Let KL_w_what_le t s : (1 <= t <= T)%N -> (1 <= s <= T.+1)%N ->
  KL (w t) (what s) <= ln delta^-1.
Proof.
by move=> ht hs; exact: KL_le_ln_inv (w_trunc ht).1 (w_gt0 ht) delta_gt0
  (what_trunc hs).2.
Qed.

Let KL_drift_le t : (2 <= t <= T)%N ->
  KL (w t) (what t) - KL (w t.-1) (what t) <= (1 + ln delta^-1) * l1dist (w t) (w t.-1).
Proof.
by move=> ht; apply: KL_sub_le_l1dist delta_gt0 _ _ _;
  [apply: w_trunc | apply: w_trunc | apply: what_trunc]; lia.
Qed.

Lemma sum_mirror_step_regret_le :
  \sum_(1 <= t < T.+1) dotp (g t) (what t) - \sum_(1 <= t < T.+1) dotp (g t) (w t)
  <= \sum_(1 <= t < T.+1) (eta t)^-1 * (KL (w t) (what t) - KL (w t) (what t.+1))
     + c ^+ 2 / 2 * \sum_(1 <= t < T.+1) eta t.
Proof.
rewrite -sumrB mulr_sumr -big_split; apply: ler_sum_nat => t ht /=.
have ht' : (1 <= t <= T.+1)%N by lia.
rewrite [leRHS](_ : _ = (KL (w t) (what t) - KL (w t) (what t.+1)) / eta t
                        + eta t * c ^+ 2 / 2); last by ring.
exact: mirror_step_regret (what_trunc ht').1 (what_gt0 ht') (w_trunc ht).1
  (w_gt0 ht) (what_gt0 (ltac:(lia) : (1 <= t.+1 <= T.+1)%N)) (eta_gt0 t)
  (g_range ht) (what_argmin ht).
Qed.
(* For all $a,b\in(0,\sqrt7)$, $$|b\sinh a-a\sinh b|\ge|a-b|\sqrt{(a\cosh a-\sinh a)(b\cosh b-\sinh b)}.$$ *)

From Stdlib Require Import Reals.

(* Dividing by a b, with sinhc x = sinh x / x, the claim for a < b reads
     (b - a) sqrt (sinhc' a * sinhc' b) <= sinhc b - sinhc a.
   Two general facts about a function F with derivative G > 0 on [a, b] give it:
   - if G is log-concave (G'/G nonincreasing), then G (a + t) G (b - t) >= G a G b
     for t in [0, b - a] ([log_concave_product]);
   - then, pairing the slopes at a + t and b - t and using the AM-GM inequality,
     F b - F a >= (b - a) sqrt (G a G b) ([secant_ge_geometric_mean]).
   For G = sinhc' the logarithmic derivative is num2 / num1 (explicit numerators),
   whose derivative is - wronskian / num1^2, and 2 wronskian x = defect (2 x) for
   an explicit function [defect] of cosh and sinh.  The only genuinely numerical
   step is [defect_nonneg] on [0, 2 sqrt 7]: replacing cosh and sinh by Taylor
   bounds of order 20 (obtained by repeated integration, with cosh <= 729 on
   [0, 6] for the remainder) turns [defect] into y^6 times a polynomial that is
   nonnegative for y^2 <= 28.  The theorem follows by symmetry in a and b. *)

From Stdlib Require Import Reals Lra Psatz.
From Coquelicot Require Import Coquelicot.
Open Scope R_scope.

Lemma le_of_derive_nonneg (h h' : R -> R) (a b : R) : a <= b ->
  (forall c, a <= c <= b -> is_derive h c (h' c)) ->
  (forall c, a < c < b -> 0 <= h' c) -> h a <= h b.
Proof.
  intros Hab Hd Hpos. destruct (Req_dec a b) as [->|Hne]; [lra|].
  destruct (MVT_cor2 h h' a b) as [c [Hmvt Hc]]; [lra| |].
  - intros c Hc. apply is_derive_Reals. apply Hd; lra.
  - specialize (Hpos c Hc). nra.
Qed.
******
**Action item**
From the first line of the records above to the line that contains "for t in [0, b", quote each line exactly.

**Result below**
Let KL_w_what_le t s : (1 <= t <= T)%N -> (1 <= s <= T.+1)%N ->
  KL (w t) (what s) <= ln delta^-1.
Proof.
by move=> ht hs; exact: KL_le_ln_inv (w_trunc ht).1 (w_gt0 ht) delta_gt0
  (what_trunc hs).2.
Qed.

Let KL_drift_le t : (2 <= t <= T)%N ->
  KL (w t) (what t) - KL (w t.-1) (what t) <= (1 + ln delta^-1) * l1dist (w t) (w t.-1).
Proof.
by move=> ht; apply: KL_sub_le_l1dist delta_gt0 _ _ _;
  [apply: w_trunc | apply: w_trunc | apply: what_trunc]; lia.
Qed.

Lemma sum_mirror_step_regret_le :
  \sum_(1 <= t < T.+1) dotp (g t) (what t) - \sum_(1 <= t < T.+1) dotp (g t) (w t)
  <= \sum_(1 <= t < T.+1) (eta t)^-1 * (KL (w t) (what t) - KL (w t) (what t.+1))
     + c ^+ 2 / 2 * \sum_(1 <= t < T.+1) eta t.
Proof.
rewrite -sumrB mulr_sumr -big_split; apply: ler_sum_nat => t ht /=.
have ht' : (1 <= t <= T.+1)%N by lia.
rewrite [leRHS](_ : _ = (KL (w t) (what t) - KL (w t) (what t.+1)) / eta t
                        + eta t * c ^+ 2 / 2); last by ring.
exact: mirror_step_regret (what_trunc ht').1 (what_gt0 ht') (w_trunc ht).1
  (w_gt0 ht) (what_gt0 (ltac:(lia) : (1 <= t.+1 <= T.+1)%N)) (eta_gt0 t)
  (g_range ht) (what_argmin ht).
Qed.
(* For all $a,b\in(0,\sqrt7)$, $$|b\sinh a-a\sinh b|\ge|a-b|\sqrt{(a\cosh a-\sinh a)(b\cosh b-\sinh b)}.$$ *)

From Stdlib Require Import Reals.

(* Dividing by a b, with sinhc x = sinh x / x, the claim for a < b reads
     (b - a) sqrt (sinhc' a * sinhc' b) <= sinhc b - sinhc a.
   Two general facts about a function F with derivative G > 0 on [a, b] give it:
   - if G is log-concave (G'/G nonincreasing), then G (a + t) G (b - t) >= G a G b
     for t in [0, b - a] ([log_concave_product]);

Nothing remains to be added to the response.